This method was the most efficient method for obtaining a fine silver aerosol. There is also an advantage that the particle diameter obtained can be easily changed by changing the amount of electricity supplied.

Here, although the manufacturing method of the nanometer silver aerosol was described, also in the case of copper, the nanometer copper aerosol was able to be manufactured by the method similar to the case of silver. However, the amount of electricity supplied required more in the case of copper than in the case of silver (about 100 watts).
In the case of copper, thermal decomposition of an organic compound of copper is more advantageous than the method of Example 3 from the viewpoint of energy consumption. For example, acetylated copper (copper acetylacetonate) is thermally decomposed in an electric furnace at 350 ° C. in a nitrogen gas flow (200 cc / min) to produce an aerosol having the same size as that of silver. did it. Here, since copper is more easily oxidized than silver, attention is required.
Since nanometer zinc aerosol has a low melting point of zinc (420 ° C), zinc aerosol of the same particle size can be easily obtained by a method similar to the method for producing nanometer silver aerosol with a small supply power of 20 watts or less. I was able to manufacture it. Here, attention is also required in the case of zinc because it is very easily oxidized and becomes zinc white (zinc oxide).
Thus, copper and zinc are more easily oxidized than silver and may adhere to the material to be treated as oxides, but these oxides also have antibacterial action. This is because, for example, a 10-yen copper coin whose surface is oxidized has an antibacterial action, a copper strainer is used to prevent slimming of kitchen sinks and drains, and ointments applied to the skin etc. It is understood from the fact that zinc white is added.

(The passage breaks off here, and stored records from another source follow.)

(* Fix an initial exchange matrix $B^0$ and initial coefficients $p_1,\dots,p_n\in\mathbb P$. For all $v,v'\in\mathbb T^n$ and $i,j\in[1,n]$, one has $Y_{i;v}=Y_{j;v'}$ if and only if $\widetilde Y_{i;v}=\widetilde Y_{j;v'}$. That is, the $Y$-pattern $v\mapsto((Y_{1;v},\dots,Y_{n;v}),B_v)$ and the $Y$-pattern with coefficients $v\mapsto((\widetilde Y_{1;v},\dots,\widetilde Y_{n;v}),\mathbf p_v,B_v)$ have the same periodicities.
   Context: A semifield $(\mathbb P,\oplus,\cdot,1)$ satisfies the field axioms except that $\oplus$ need not have a neutral element or inverses; $p^+=p/(p\oplus1)$, $p^-=1/(p\oplus1)$, $p^{[\![x]\!]}=p^-,1,p^+$ according as $x<0,=0,>0$. $\mathbb Q_{\mathrm{sf}}(S)$ is the universal semifield of subtraction-free rational functions in $S$ (any map from $S$ to a semifield extends uniquely to a semifield morphism). $\mathbb Q\mathbb P$ is the fraction field of the group ring $\mathbb Z\mathbb P$; $\mathbb Q\mathbb P_{\mathrm{sf}}(u_1,\dots,u_n)$ is the semifield of ratios of nonzero polynomials in $u_i$ with coefficients nonnegative integer combinations of elements of $\mathbb P$. Matrix mutation: $b'_{ij}=-b_{ij}$ if $i=k$ or $j=k$, else $b_{ij}+\operatorname{sgn}(b_{ik})[b_{ik}b_{kj}]_+$. $Y$-seed mutation: $y'_k=y_k^{-1}$, $y'_j=y_j(1\oplus y_k^{-\operatorname{sgn}(b_{kj})})^{-b_{kj}}$. $Y$-seed with coefficients $(\mathbf y,\mathbf p,B)$ ($\mathbf p$ in $\mathbb P$, $\mathbf y$ in $\mathbb Q\mathbb P_{\mathrm{sf}}(u)$) mutates by $Y$-seed mutation of $(\mathbf p,B)$, $y'_k=y_k^{-1}$, $y'_j=y_j\big(p_k^{[\![b_{kj}]\!]}+p_k^{[\![-b_{kj}]\!]}y_k^{-\operatorname{sgn}(b_{kj})}\big)^{-b_{kj}}$ for $j\ne k$. Patterns are assignments of seeds to vertices of the $n$-regular edge-labeled tree $\mathbb T^n$ with initial vertex $v_0$, compatible with mutation along edges. $Y_{j;v}\in\mathbb Q_{\mathrm{sf}}(y_1,\dots,y_n)$: components of the $Y$-pattern with initial seed $((y_1,\dots,y_n),B^0)$ at $v_0$. $\widetilde Y_{j;v}\in\mathbb Q\mathbb P_{\mathrm{sf}}(y_1,\dots,y_n)$, $\mathbf p_v$: components of the $Y$-pattern with coefficients with initial seed $((y_1,\dots,y_n),(p_1,\dots,p_n),B^0)$. *)

From HB Require Import structures.
From mathcomp Require Import all_boot all_order all_algebra.
From Stdlib Require Import Permutation.
Set Implicit Arguments. Unset Strict Implicit. Unset Printing Implicit Defensive.
Import Order.TTheory GRing.Theory Num.Theory.
Local Open Scope ring_scope.

Record semifield := Semifield {
  sf_car :> Type;
  sf_add : sf_car -> sf_car -> sf_car;
  sf_mul : sf_car -> sf_car -> sf_car;
  sf_one : sf_car;
  sf_inv : sf_car -> sf_car;
  sf_mulA : forall x y z, sf_mul x (sf_mul y z) = sf_mul (sf_mul x y) z;
  sf_mulC : forall x y, sf_mul x y = sf_mul y x;
  sf_mul1 : forall x, sf_mul x sf_one = x;
  sf_mulV : forall x, sf_mul x (sf_inv x) = sf_one;
  sf_addA : forall x y z, sf_add x (sf_add y z) = sf_add (sf_add x y) z;
  sf_addC : forall x y, sf_add x y = sf_add y x;
  sf_mulDl : forall x y z, sf_mul (sf_add x y) z = sf_add (sf_mul x z) (sf_mul y z)
}.

(* Bare semifield operations (used to run mutations in concrete models). *)
Record sfops := SFOps {
  o_car :> Type;
  o_add : o_car -> o_car -> o_car;
  o_mul : o_car -> o_car -> o_car;
  o_one : o_car;
  o_inv : o_car -> o_car
}.

Definition ops_of (P : semifield) : sfops :=
  @SFOps P (@sf_add P) (@sf_mul P) (@sf_one P) (@sf_inv P).

Definition o_expz (S : sfops) (x : S) (z : int) : S :=
  match z with
  | Posz m => iter m (o_mul x) (o_one S)
  | Negz m => o_inv (iter m.+1 (o_mul x) (o_one S))
  end.

Definition o_plus (S : sfops) (p : S) : S := o_mul p (o_inv (o_add p (o_one S))).
Definition o_minus (S : sfops) (p : S) : S := o_inv (o_add p (o_one S)).
Definition o_brk (S : sfops) (p : S) (x : int) : S :=
  if x < 0 then o_minus p else if x == 0 then o_one S else o_plus p.

Definition skew_symmetrizable n (B : 'M[int]_n) : Prop :=
  exists d : 'I_n -> int, (forall i, 0 < d i) /\
    (forall i j, d i * B i j = - (d j * B j i)).

Definition mut_mx n (k : 'I_n) (B : 'M[int]_n) : 'M[int]_n :=
  \matrix_(i, j) if (i == k) || (j == k) then - B i j
                 else B i j + sgz (B i k) * Num.max (B i k * B k j) 0.

Definition mut_y (S : sfops) n (k : 'I_n) (B : 'M[int]_n) (y : 'I_n -> S)
  : 'I_n -> S :=
  fun j => if j == k then o_inv (y k)
           else o_mul (y j)
                  (o_expz (o_add (o_one S) (o_expz (y k) (- sgz (B k j))))
                          (- B k j)).

(* The n-regular tree T^n: vertices are reduced words in 'I_n (no two
   consecutive letters equal); the word [k1;...;km] is the vertex reached
   from v0 by the path with edge labels k1, ..., km. *)
Definition reduced n (w : seq 'I_n) : bool := sorted (fun a b : 'I_n => a != b) w.

(* Q_sf(y_1,...,y_n): the universal (free) semifield on y_1..y_n, realised
   as terms modulo the congruence generated by the semifield axioms. *)
Inductive sfterm (n : nat) : Type :=
| TVar of 'I_n
| TOne
| TAdd of sfterm n & sfterm n
| TMul of sfterm n & sfterm n
| TInv of sfterm n.

Arguments TOne {n}.

Inductive sfeq (n : nat) : sfterm n -> sfterm n -> Prop :=
| sfeq_refl t : sfeq t t
| sfeq_sym t u : sfeq t u -> sfeq u t
| sfeq_trans t u v : sfeq t u -> sfeq u v -> sfeq t v
| sfeq_add t t' u u' : sfeq t t' -> sfeq u u' -> sfeq (TAdd t u) (TAdd t' u')
| sfeq_mul t t' u u' : sfeq t t' -> sfeq u u' -> sfeq (TMul t u) (TMul t' u')
| sfeq_inv t t' : sfeq t t' -> sfeq (TInv t) (TInv t')
| sfeq_mulA x y z : sfeq (TMul x (TMul y z)) (TMul (TMul x y) z)
| sfeq_mulC x y : sfeq (TMul x y) (TMul y x)
| sfeq_mul1 x : sfeq (TMul x TOne) x
| sfeq_mulV x : sfeq (TMul x (TInv x)) TOne
| sfeq_addA x y z : sfeq (TAdd x (TAdd y z)) (TAdd (TAdd x y) z)
| sfeq_addC x y : sfeq (TAdd x y) (TAdd y x)
| sfeq_mulDl x y z : sfeq (TMul (TAdd x y) z) (TAdd (TMul x z) (TMul y z)).

Definition Qsf_ops (n : nat) : sfops :=
  @SFOps (sfterm n) (@TAdd n) (@TMul n) TOne (@TInv n).

Definition Ypattern n (B0 : 'M[int]_n) (w : seq 'I_n)
  : ('I_n -> Qsf_ops n) * 'M[int]_n :=
  foldl (fun s k => (mut_y k s.2 s.1, mut_mx k s.2))
        ((fun i => TVar i : Qsf_ops n), B0) w.

Definition Y n (B0 : 'M[int]_n) (w : seq 'I_n) (i : 'I_n) : sfterm n :=
  (Ypattern B0 w).1 i.

(* QP_sf(u_1..u_n): ratios f/g of nonzero polynomials with coefficients in
   N P (nonnegative integer combinations of elements of P), with equality
   taken in the field QP(u) = Frac(ZP)(u), i.e. f g' = f' g in ZP[u].
   Such a polynomial is a finite multiset of terms p * u^a (p in P, a in N^n),
   represented by a list; equality in ZP[u] = Z[P x N^n] of two such
   N-combinations is equality of multisets (Permutation). *)
Section QPsf.
Variables (P : semifield) (n : nat).

Definition mono := {ffun 'I_n -> nat}.
Definition qpoly := seq (P * mono)%type.

Definition mono_mul (a b : mono) : mono := [ffun i => (a i + b i)%N].
Definition mono1 : mono := [ffun => 0%N].
Definition mono_var (i : 'I_n) : mono := [ffun j => nat_of_bool (j == i)].

Definition qpoly_mul (f g : qpoly) : qpoly :=
  [seq (sf_mul a.1 b.1, mono_mul a.2 b.2) | a <- f, b <- g].
Definition qpoly_add (f g : qpoly) : qpoly := f ++ g.

(* elements of QP_sf(u): pairs (numerator, denominator), both nonempty *)
Definition qpsf := (qpoly * qpoly)%type.

Definition qp_eq (x y : qpsf) : Prop :=
  Permutation (qpoly_mul x.1 y.2) (qpoly_mul y.1 x.2).

Definition qp_one : qpsf := ([:: (sf_one P, mono1)], [:: (sf_one P, mono1)]).
Definition qp_mul (x y : qpsf) : qpsf := (qpoly_mul x.1 y.1, qpoly_mul x.2 y.2).
Definition qp_inv (x : qpsf) : qpsf := (x.2, x.1).
Definition qp_add (x y : qpsf) : qpsf :=
  (qpoly_add (qpoly_mul x.1 y.2) (qpoly_mul y.1 x.2), qpoly_mul x.2 y.2).
Definition qp_const (p : P) : qpsf := ([:: (p, mono1)], [:: (sf_one P, mono1)]).
Definition qp_var (i : 'I_n) : qpsf :=
  ([:: (sf_one P, mono_var i)], [:: (sf_one P, mono1)]).

Definition QPsf_ops : sfops := @SFOps qpsf qp_add qp_mul qp_one qp_inv.

End QPsf.

Definition mut_yc (P : semifield) n (k : 'I_n)
  (s : ('I_n -> QPsf_ops P n) * ('I_n -> P) * 'M[int]_n)
  : ('I_n -> QPsf_ops P n) * ('I_n -> P) * 'M[int]_n :=
  let: (y, p, B) := s in
  let y' := fun j : 'I_n =>
    if j == k then qp_inv (y k)
    else qp_mul (y j)
      (o_expz (S := QPsf_ops P n)
        (qp_add (qp_const n (o_brk (S := ops_of P) (p k) (B k j)))
                (qp_mul (qp_const n (o_brk (S := ops_of P) (p k) (- B k j)))
                        (o_expz (S := QPsf_ops P n) (y k) (- sgz (B k j)))))
        (- B k j)) in
  (y', mut_y (S := ops_of P) k B p, mut_mx k B).

Definition YCpattern (P : semifield) n (B0 : 'M[int]_n) (p0 : 'I_n -> P)
  (w : seq 'I_n) :=
  foldl (fun s k => mut_yc k s) ((fun i => qp_var P i), p0, B0) w.

Definition Ytil (P : semifield) n (B0 : 'M[int]_n) (p0 : 'I_n -> P)
  (w : seq 'I_n) (i : 'I_n) : qpsf P n :=
  (YCpattern B0 p0 w).1.1 i.

From Pilot Require Import Defs.
From HB Require Import structures.
From mathcomp Require Import all_boot all_order all_algebra.
From mathcomp Require Import mpoly ring.
From Stdlib Require Import Setoid Morphisms Permutation.
Set Implicit Arguments. Unset Strict Implicit. Unset Printing Implicit Defensive.
Import Order.TTheory GRing.Theory Num.Theory.

(* Every term of the free semifield Q_sf(y) is equivalent to a ratio of two
   polynomials with positive integer coefficients, and two terms are equal
   exactly when the cross products of these ratios agree as multisets of
   monomials (soundness is checked in Z[y]).  By induction along the path to v,
   the pattern with coefficients is the plain pattern evaluated at the
   rescaled variables and normalised by its value at p:
     Ytil_{j;v}(u) = Y_{j;v}(p_1 u_1, ..., p_n u_n) / Y_{j;v}(p_1, ..., p_n),
   with p_v = Y_v(p) and the same exchange matrices.  The rescaling
   u_i |-> p_i u_i is injective on monomials and the normalising factor is
   read off any single monomial, so Ytil_{i;v} = Ytil_{j;v'} iff
   Y_{i;v} = Y_{j;v'}. *)

Section FreeSemifield.
Variable n : nat.
Local Notation T := (sfterm n).
Local Notation "x ~ y" := (@sfeq n x y) (at level 70).

Lemma sfeq_Equivalence : Equivalence (@sfeq n).
Proof. split; [exact: sfeq_refl | exact: sfeq_sym | exact: sfeq_trans]. Qed.
Existing Instance sfeq_Equivalence.
#[local] Hint Resolve sfeq_refl : core.

Instance TAdd_Proper : Proper (@sfeq n ==> @sfeq n ==> @sfeq n) (@TAdd n).
Proof. by move=> ? ? ? ? ? ?; apply: sfeq_add. Qed.
Instance TMul_Proper : Proper (@sfeq n ==> @sfeq n ==> @sfeq n) (@TMul n).
Proof. by move=> ? ? ? ? ? ?; apply: sfeq_mul. Qed.
Instance TInv_Proper : Proper (@sfeq n ==> @sfeq n) (@TInv n).
Proof. by move=> ? ? ?; apply: sfeq_inv. Qed.

Lemma sfeq_mul1l (x : T) : TMul TOne x ~ x.
Proof. by rewrite sfeq_mulC sfeq_mul1. Qed.

Lemma sfeq_mulCA (x y z : T) : TMul x (TMul y z) ~ TMul y (TMul x z).
Proof. by rewrite sfeq_mulA (sfeq_mulC x y) -sfeq_mulA. Qed.

Lemma sfeq_mulACA (x y z w : T) :
  TMul (TMul x y) (TMul z w) ~ TMul (TMul x z) (TMul y w).
Proof. by rewrite -!sfeq_mulA (sfeq_mulCA y z). Qed.

Lemma sfeq_mulVl (x : T) : TMul (TInv x) x ~ TOne.
Proof. by rewrite sfeq_mulC sfeq_mulV. Qed.

Lemma sfeq_inv_uniq (x y : T) : TMul x y ~ TOne -> y ~ TInv x.
Proof.
move=> xy1; rewrite -(sfeq_mul1l y) -(sfeq_mulVl x) -sfeq_mulA xy1.
exact: sfeq_mul1.
Qed.

Lemma sfeq_inv1 : TInv (TOne : T) ~ TOne.
Proof. by symmetry; apply: sfeq_inv_uniq; apply: sfeq_mul1. Qed.

Lemma sfeq_invM (x y : T) : TInv (TMul x y) ~ TMul (TInv x) (TInv y).
Proof.
by symmetry; apply: sfeq_inv_uniq; rewrite sfeq_mulACA !sfeq_mulV sfeq_mul1.
Qed.

Lemma sfeq_invK (x : T) : TInv (TInv x) ~ x.
Proof. by symmetry; apply: sfeq_inv_uniq; apply: sfeq_mulVl. Qed.

Lemma sfeq_mulDr (x y z : T) : TMul x (TAdd y z) ~ TAdd (TMul x y) (TMul x z).
Proof. by rewrite sfeq_mulC sfeq_mulDl (sfeq_mulC y) (sfeq_mulC z). Qed.

Lemma sfeq_mulIr (x y c : T) : TMul x c ~ TMul y c -> x ~ y.
Proof.
move=> xcyc; rewrite -(sfeq_mul1 x) -(sfeq_mul1 y) -(sfeq_mulV c) !sfeq_mulA.
by rewrite xcyc.
Qed.

Definition tfrac (x y : T) : T := TMul x (TInv y).

Instance tfrac_Proper : Proper (@sfeq n ==> @sfeq n ==> @sfeq n) tfrac.
Proof. by move=> ? ? xx' ? ? yy'; rewrite /tfrac xx' yy'. Qed.

Lemma tfrac_add (a b c d : T) :
  TAdd (tfrac a b) (tfrac c d) ~ tfrac (TAdd (TMul a d) (TMul c b)) (TMul b d).
Proof.
rewrite /tfrac sfeq_mulDl sfeq_invM (sfeq_mulACA a d) sfeq_mulV sfeq_mul1.
by rewrite (sfeq_mulC (TInv b)) (sfeq_mulACA c b) sfeq_mulV sfeq_mul1.
Qed.

Lemma tfrac_mul (a b c d : T) :
  TMul (tfrac a b) (tfrac c d) ~ tfrac (TMul a c) (TMul b d).
Proof. by rewrite /tfrac sfeq_invM sfeq_mulACA. Qed.

Lemma tfrac_inv (a b : T) : TInv (tfrac a b) ~ tfrac b a.
Proof. by rewrite /tfrac sfeq_invM sfeq_invK sfeq_mulC. Qed.

Lemma tfrac_mulK (a b d : T) : TMul (tfrac a b) (TMul b d) ~ TMul a d.
Proof.
by rewrite /tfrac -sfeq_mulA (sfeq_mulA (TInv b)) sfeq_mulVl sfeq_mul1l.
Qed.

Lemma tfrac_eq (a b c d : T) : TMul a d ~ TMul c b -> tfrac a b ~ tfrac c d.
Proof.
move=> cross; apply: (@sfeq_mulIr _ _ (TMul b d)).
by rewrite tfrac_mulK (sfeq_mulC b d) tfrac_mulK.
Qed.

Definition tpow (x : T) k := iter k (TMul x) TOne.

Lemma tpowD x k l : tpow x (k + l) ~ TMul (tpow x k) (tpow x l).
Proof.
elim: k => [|k IHk] /=; first by rewrite sfeq_mul1l.
by rewrite /tpow /= -/(tpow x _) IHk sfeq_mulA.
Qed.

Definition tmono_seq (m : mono n) (s : seq 'I_n) : T :=
  foldr (fun i acc => TMul (tpow (TVar i) (m i)) acc) TOne s.

Definition tmono (m : mono n) : T := tmono_seq m (enum 'I_n).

<Method of attaching and coating nanometer silver aerosol on organic polymer film>
The nanometer silver aerosol produced by the method of Example 3 is brought into contact with a polyvinyl formal film (softening point of about 100 ° C.) at a rate of 50 CC / min per unit surface area (1 cm 2) for about 10 minutes. Covered.
An electron micrograph of the silver adhesion / coating film thus obtained is shown in FIG. When the adhered aerosol particles in FIG. 1 are observed in detail, micro undulations of the underlying film are observed through the particles, which indicates that the aerosol particles are adhered in a liquid state.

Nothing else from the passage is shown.